Acresce que, para a refutação de muitos erros, mui necessária é esta parte da
doutrina.
A
preeminência da natureza angélica de tal modo tem obcecado a mente de muitos,
que chegaram a pensar que se lhes faz agravo, se fossem, por assim dizer, forçados
em sua condição de criaturas a sujeitar-se à autoridade do Deus único. E por
isso chegaram a atribuir-lhes certa divindade.
Surgiu
também Mani, com sua seita, que engendrou para si dois princípios absolutos:
Deus e o Diabo. E a Deus, naturalmente, atribuía a origem das coisas boas, mas
as chamadas naturezas más ele as atribuía, por autor, ao Diabo.

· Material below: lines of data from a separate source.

(* Let $\mathcal{K}\subseteq\mathbb{R}^n$ be a proper convex cone with a $\nu$-LHSCB $f$, and let $A\in\mathbb{R}^{m\times n}$ (full row rank), $\mathbf{b}\in\mathbb{R}^m$, $\mathbf{c}\in\mathbb{R}^n$. Let $\eta>0$, $\tau>0$, $(\mathbf{x},\mathbf{y},\mathbf{s})\in\mathcal{N}(\eta,\tau)$, let $(\Delta\mathbf{x},\Delta\mathbf{y},\Delta\mathbf{s})$ be the solution of the Newton system at $(\mathbf{x},\mathbf{y},\mathbf{s})$ with parameter $\tau$, and let $\mathbf{x}^+=\mathbf{x}+\Delta\mathbf{x}$, $\mathbf{s}^+=\mathbf{s}+\Delta\mathbf{s}$. Then \[\tau(\nu-\eta^2)\le(\mathbf{x}^+)^\top\mathbf{s}^+\le\tau\nu.\]
   Context: $\mathcal{K}\subseteq\mathbb{R}^n$ is a proper (closed, convex, pointed, full-dimensional) cone with interior $\mathcal{K}^\circ$ and dual cone $\mathcal{K}^*=\{\mathbf{s}:\mathbf{s}^\top\mathbf{x}\ge 0\ \forall \mathbf{x}\in\mathcal{K}\}$. A $\nu$-LHSCB for $\mathcal{K}$ is a strictly convex, three times differentiable $f:\mathcal{K}^\circ\to\mathbb{R}$ with $f(\mathbf{x})\to\infty$ as $\mathbf{x}$ approaches the boundary of $\mathcal{K}$, $|D^3f(\mathbf{x})[\mathbf{h},\mathbf{h},\mathbf{h}]|\le 2\,(D^2f(\mathbf{x})[\mathbf{h},\mathbf{h}])^{3/2}$, $\nu=\sup_{\mathbf{x}\in\mathcal{K}^\circ}g(\mathbf{x})^\top H(\mathbf{x})^{-1}g(\mathbf{x})<\infty$, and $f(t\mathbf{x})=f(\mathbf{x})-\nu\ln t$ for $t>0$; $g,H$ are the gradient and Hessian of $f$. Local norms: $\|\mathbf{v}\|_{\mathbf{x}}=\sqrt{\mathbf{v}^\top H(\mathbf{x})\mathbf{v}}$, $\|\mathbf{v}\|^*_{\mathbf{x}}=\sqrt{\mathbf{v}^\top H(\mathbf{x})^{-1}\mathbf{v}}$. $\mathcal{F}^\circ=\{(\mathbf{x},\mathbf{y},\mathbf{s})\in\mathcal{K}^\circ\times\mathbb{R}^m\times(\mathcal{K}^* )^\circ: A\mathbf{x}=\mathbf{b},\ A^\top\mathbf{y}+\mathbf{s}=\mathbf{c}\}$ (strictly feasible solutions of the pair $\inf\{\mathbf{c}^\top\mathbf{x}:A\mathbf{x}=\mathbf{b},\mathbf{x}\in\mathcal{K}\}$, $\sup\{\mathbf{b}^\top\mathbf{y}:A^\top\mathbf{y}+\mathbf{s}=\mathbf{c},\mathbf{s}\in\mathcal{K}^*\}$). $\mathcal{N}(\eta,\tau)=\{(\mathbf{x},\mathbf{y},\mathbf{s})\in\mathcal{F}^\circ:\|\mathbf{s}+\tau g(\mathbf{x})\|^*_{\mathbf{x}}\le\eta\tau\}$. The Newton system at $(\mathbf{x},\mathbf{y},\mathbf{s})$ with parameter $\tau$ is: $A\Delta\mathbf{x}=\mathbf{0}$, $A^\top\Delta\mathbf{y}+\Delta\mathbf{s}=\mathbf{0}$, $\tau H(\mathbf{x})\Delta\mathbf{x}+\Delta\mathbf{s}=-(\mathbf{s}+\tau g(\mathbf{x}))$. *)

From HB Require Import structures.
From mathcomp Require Import all_boot all_order all_algebra.
From mathcomp Require Import all_classical all_reals all_analysis.
Set Implicit Arguments. Unset Strict Implicit. Unset Printing Implicit Defensive.
Import Order.TTheory GRing.Theory Num.Theory.
Import numFieldNormedType.Exports.
Local Open Scope classical_set_scope.
Local Open Scope ring_scope.

Section Defs.
Variables (R : realType) (n : nat).
Notation vec := 'cV[R]_n.

Definition dotv (u v : vec) : R := (u^T *m v) 0 0.

Definition is_cone (K : set vec) : Prop :=
  forall x t, K x -> 0 <= t -> K (t *: x).
Definition convex_set (K : set vec) : Prop :=
  forall x y t, K x -> K y -> 0 <= t <= 1 -> K (t *: x + (1 - t) *: y).
Definition pointed (K : set vec) : Prop :=
  forall x, K x -> K (- x) -> x = 0.
Definition proper_cone (K : set vec) : Prop :=
  [/\ is_cone K, closed K, convex_set K, pointed K & interior K !=set0].

Definition dual_cone (K : set vec) : set vec :=
  [set s | forall x, K x -> 0 <= dotv s x].

(* local dual norm ||v||^*_x given the Hessian matrix Hx = H(x) *)
Definition dual_local_norm (Hx : 'M[R]_n) (v : vec) : R :=
  Num.sqrt ((v^T *m invmx Hx *m v) 0 0).

Definition LHSCB (K : set vec) (f : vec -> R) (g : vec -> vec)
  (H : vec -> 'M[R]_n) (nu : R) : Prop :=
  [/\
      (forall x, interior K x ->
         [/\ differentiable f x, differentiable g x, differentiable H x,
             (forall v, 'D_v f x = dotv (g x) v) &
             (forall v, 'D_v g x = H x *m v)]),
      (forall x y t, interior K x -> interior K y -> x != y -> 0 < t < 1 ->
         f (t *: x + (1 - t) *: y) < t * f x + (1 - t) * f y) &
      [/\
      (forall xb, K xb -> ~ interior K xb ->
         f x @[x --> within (interior K) (nbhs xb)] --> +oo),
      (forall x h, interior K x ->
         `| ('D_h (fun y => (h^T *m H y *m h) 0 0) x) |
           <= 2 * Num.sqrt ((h^T *m H x *m h) 0 0) ^+ 3),
      (has_sup ((fun x => ((g x)^T *m invmx (H x) *m g x) 0 0) @` interior K) /\
       sup ((fun x => ((g x)^T *m invmx (H x) *m g x) 0 0) @` interior K) = nu) &
      (forall x t, interior K x -> 0 < t -> f (t *: x) = f x - nu * ln t)]].

End Defs.

(* Put Q := dx' H(x) dx.  Pairing the Newton equation with x and with dx, and
   using dx' ds = 0 (dx lies in the kernel of A, ds in the range of A') together
   with the consequences <g(x), x> = -nu and H(x) x = -g(x) of logarithmic
   homogeneity, gives (x + dx)'(s + ds) = tau (nu - Q).  Measuring the Newton
   equation in the H(x)^-1 norm gives ||s + tau g(x)||*_x^2 = tau^2 Q + ||ds||*_x^2,
   hence Q <= eta^2.  This uses that H(x) is symmetric, which follows from the
   second-difference quotients of f, and positive definite, which also gives
   Q >= 0: if h' H(x) h <= 0, self-concordance keeps h' H h nonpositive on a
   segment starting at x, where f would then be concave, against strict convexity. *)

From HB Require Import structures.
From mathcomp Require Import all_boot all_order all_algebra.
From mathcomp Require Import all_classical all_reals all_analysis.
From mathcomp Require Import ring lra.
Set Implicit Arguments. Unset Strict Implicit. Unset Printing Implicit Defensive.
Import Order.TTheory GRing.Theory Num.Theory.
Import numFieldNormedType.Exports.
Local Open Scope classical_set_scope.
Local Open Scope ring_scope.

Section DotProduct.
Variables (R : realType) (n : nat).
Implicit Types u v w : 'cV[R]_n.

Lemma dotvE u v : dotv u v = \sum_(i < n) u i 0 * v i 0.
Proof. by rewrite /dotv mxE; apply: eq_bigr => i _; rewrite mxE. Qed.

Lemma dotvC u v : dotv u v = dotv v u.
Proof. by rewrite !dotvE; apply: eq_bigr => i _; rewrite mulrC. Qed.

Lemma dotvDl u v w : dotv (u + v) w = dotv u w + dotv v w.
Proof. by rewrite !dotvE -big_split; apply: eq_bigr => i _; rewrite mxE mulrDl. Qed.

Lemma dotvNl u w : dotv (- u) w = - dotv u w.
Proof. by rewrite !dotvE -sumrN; apply: eq_bigr => i _; rewrite mxE mulNr. Qed.

Lemma dotvBl u v w : dotv (u - v) w = dotv u w - dotv v w.
Proof. by rewrite dotvDl dotvNl. Qed.

Lemma dotvZl k u w : dotv (k *: u) w = k * dotv u w.
Proof. by rewrite !dotvE mulr_sumr; apply: eq_bigr => i _; rewrite mxE mulrA. Qed.

Lemma dotv0l w : dotv 0 w = 0.
Proof. by rewrite dotvE big1 // => i _; rewrite mxE mul0r. Qed.

Lemma dotvDr u v w : dotv w (u + v) = dotv w u + dotv w v.
Proof. by rewrite !(dotvC w) dotvDl. Qed.

Lemma dotvNr u w : dotv w (- u) = - dotv w u.
Proof. by rewrite !(dotvC w) dotvNl. Qed.

Lemma dotvZr k u w : dotv w (k *: u) = k * dotv w u.
Proof. by rewrite !(dotvC w) dotvZl. Qed.

Lemma dotv0r w : dotv w 0 = 0.
Proof. by rewrite dotvC dotv0l. Qed.

Lemma normr_dotv_le w u : `|dotv w u| <= `|w| * \sum_(i < n) `|u i 0|.
Proof.
rewrite dotvE mulr_sumr; apply: le_trans (ler_norm_sum _ _ _) _.
apply: ler_sum => i _; rewrite normrM ler_wpM2r //.
rewrite [leRHS]/Num.Def.normr /= mx_normrE; apply/bigmax_geP; right => /=.
by exists (i, 0).
Qed.

End DotProduct.

Lemma dotv_trmx (R : realType) (m n : nat) (A : 'M[R]_(m, n)) u w :
  dotv u (A^T *m w) = dotv (A *m u) w.
Proof. by rewrite /dotv mulmxA -trmx_mul. Qed.

Lemma is_derive_line (R : realType) (V W : normedModType R) (F : V -> W)
    (p h : V) (t : R) :
  derivable F (p + t *: h) h ->
  is_derive t 1 (fun s : R => F (p + s *: h)) ('D_h F (p + t *: h)).
Proof.
move=> dF.
have E : (fun s : R => s^-1 *: (((fun s => F (p + s *: h)) \o shift t) (s *: 1)
                                 - F (p + t *: h)))
   = (fun s => s^-1 *: ((F \o shift (p + t *: h)) (s *: h) - F (p + t *: h))).
  apply: funext => s /=; congr (_ *: (F _ - _)).
  by rewrite [s%:A]mulr1 scalerDl addrCA addrC.
by split; rewrite /derivable /derive /= E.
Qed.

Section VectorCalculus.
Variables (R : realType) (n : nat).
Notation vec := 'cV[R]_n.

Lemma dotv_funE (G F : vec -> vec) :
  (fun y => dotv (G y) (F y)) = \sum_(i < n) ((fun y => G y i 0) * (fun y => F y i 0)).
Proof. by rewrite fct_sumE; apply: funext => y; rewrite dotvE. Qed.

Lemma derivable_dotv (G F : vec -> vec) (x v : vec) :
  derivable G x v -> derivable F x v -> derivable (fun y => dotv (G y) (F y)) x v.
Proof.
move=> /derivable_mxP dG /derivable_mxP dF; rewrite dotv_funE.
by apply: derivable_sum => i; apply: derivableM.
Qed.

Lemma derive_dotv (G F : vec -> vec) (x v : vec) :
  derivable G x v -> derivable F x v ->
  'D_v (fun y => dotv (G y) (F y)) x = dotv ('D_v G x) (F x) + dotv (G x) ('D_v F x).
Proof.
move=> dG dF; have /derivable_mxP dGi := dG; have /derivable_mxP dFi := dF.
rewrite dotv_funE derive_sum; last by move=> i; apply: derivableM.
rewrite (derive_mx dG) (derive_mx dF) !dotvE -big_split /=.
apply: eq_bigr => i _; rewrite deriveM // !mxE /GRing.scale /= addrC.
by congr (_ + _); exact: mulrC.
Qed.

Lemma derivable_mulmxr (M : vec -> 'M[R]_n) (x v w : vec) :
  derivable M x v -> derivable (fun y => M y *m w) x v.
Proof.
move=> /derivable_mxP dM; apply/derivable_mxP => i j.
have -> : (fun y => (M y *m w) i j) = \sum_(k < n) (w k j *: (fun y => M y i k)).
  rewrite fct_sumE; apply: funext => y; rewrite mxE; apply: eq_bigr => k _ /=.
  by rewrite mulrC.
by apply: derivable_sum => k; apply: derivableZ.
Qed.

Lemma differentiable_remainder_le (G : vec -> vec) (x : vec) (M : 'M[R]_n) :
  differentiable G x -> (forall v, 'D_v G x = M *m v) ->
  forall e, 0 < e -> \forall z \near (0 : vec), `|G (x + z) - G x - M *m z| <= e * `|z|.
Proof.
move=> dG DG e e0; have /eqaddoP/(_ e e0) := diff_locally dG.
apply: filterS => z /=.
by rewrite !fctE /= -(deriveE z dG) DG opprD addrA [z + x]addrC.
Qed.

End VectorCalculus.

Section RealFunctions.
Variable R : realType.
Implicit Types (psi dpsi : R -> R) (T L : R).

Lemma is_derive_lt0_left (Phi : R -> R) (c d b : R) :
  is_derive c 1 Phi d -> d < 0 -> b < c -> exists2 s, b < s < c & Phi c < Phi s.
Proof.
move=> [dPhi dPhi_val] d_lt0 bc.
have Phi_quot : (fun h : R => h^-1 *: ((Phi \o shift c) (h *: 1) - Phi c)) @ 0^' --> d.
  by rewrite -dPhi_val; exact: dPhi.
have := @cvgr_lt R _ _ _ _ _ Phi_quot 0 d_lt0; rewrite near_withinE.
move=> near_lt0; have [/= e e_gt0 quot_lt0] := nbhs_norm0P.1 (near_lt0 _).
set k := Order.min (e / 2) ((c - b) / 2).
have k_gt0 : 0 < k by rewrite lt_min !divr_gt0 // subr_gt0.
have k_le : k <= e / 2 /\ k <= (c - b) / 2 by split; rewrite ge_min lexx ?orbT.
have k_lt : `|- k| < e by rewrite normrN gtr0_norm //; lra.
have : (- k)^-1 * (Phi (- k * 1 + c) - Phi c) < 0.
  by apply: (quot_lt0 (- k) k_lt); rewrite oppr_eq0 gt_eqF.
rewrite mulr1 nmulr_rlt0 ?invr_lt0 ?oppr_lt0 // subr_gt0.
move=> Phi_lt; exists (- k + c) => //; apply/andP; split; lra.
Qed.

Se desvario como esse nos mantivesse enredilhada a mente, não se poderia dar a
Deus a glória
que ele
merece na criação do mundo. Ora, uma vez que, por assim dizer, nada seja mais
próprio de Deus que a eternidade, e a auvtousi,a [autousíâ], isto é, a
existência própria, aqueles que atribuem isto ao Diabo porventura não
estão, de certo modo, a
adorná-lo
com o título da divindade? Onde, pois, a onipotência de Deus, se ao Diabo se
concede tal poder que, contra a vontade de Deus e a despeito de sua oposição, leve
a bom termo tudo quanto deseja?
Mas o único
fundamento que os maniqueus têm – não ser próprio atribuir-se a um Deus bom a
criação de qualquer coisa má –, isto nem de leve fere a fé ortodoxa, a qual não
admite que no universo inteiro haja alguma natureza má, porquanto nem a
depravação e malignidade, seja do homem, seja do Diabo, ou os pecados que daí
nascem,
provêm da natureza, mas da corrupção da natureza; nem de início há
absolutamente nada que exista em que Deus não haja estampado o selo, tanto de
sua sabedoria, quanto de sua justiça.
Portanto,
para que se vá de encontro a essas cogitações pervertidas, é necessário elevar
a mente mais alto do que nossos olhos possam penetrar. É provável que para este
propósito, onde no Credo Niceno Deus é chamado o Criador de todas as coisas,
que também
se mencionem expressamente as coisas invisíveis. Contudo, nesta questão de
anjos, deve manter-se a medida que a norma da piedade prescreve, para que
não aconteça que, especulando além do que se recomenda, os leitores
vagueiem
longe da
simplicidade da fé. Porque, sendo que o Espírito Santo sempre nos ensina o que
nos convém, e as coisas que são de pouca importância para nossa edificação, ou as omite totalmente, ou as toca brevemente e como que de passagem, é
também
dever nosso
ignorar voluntariamente as coisas que não granjeiam proveito algum.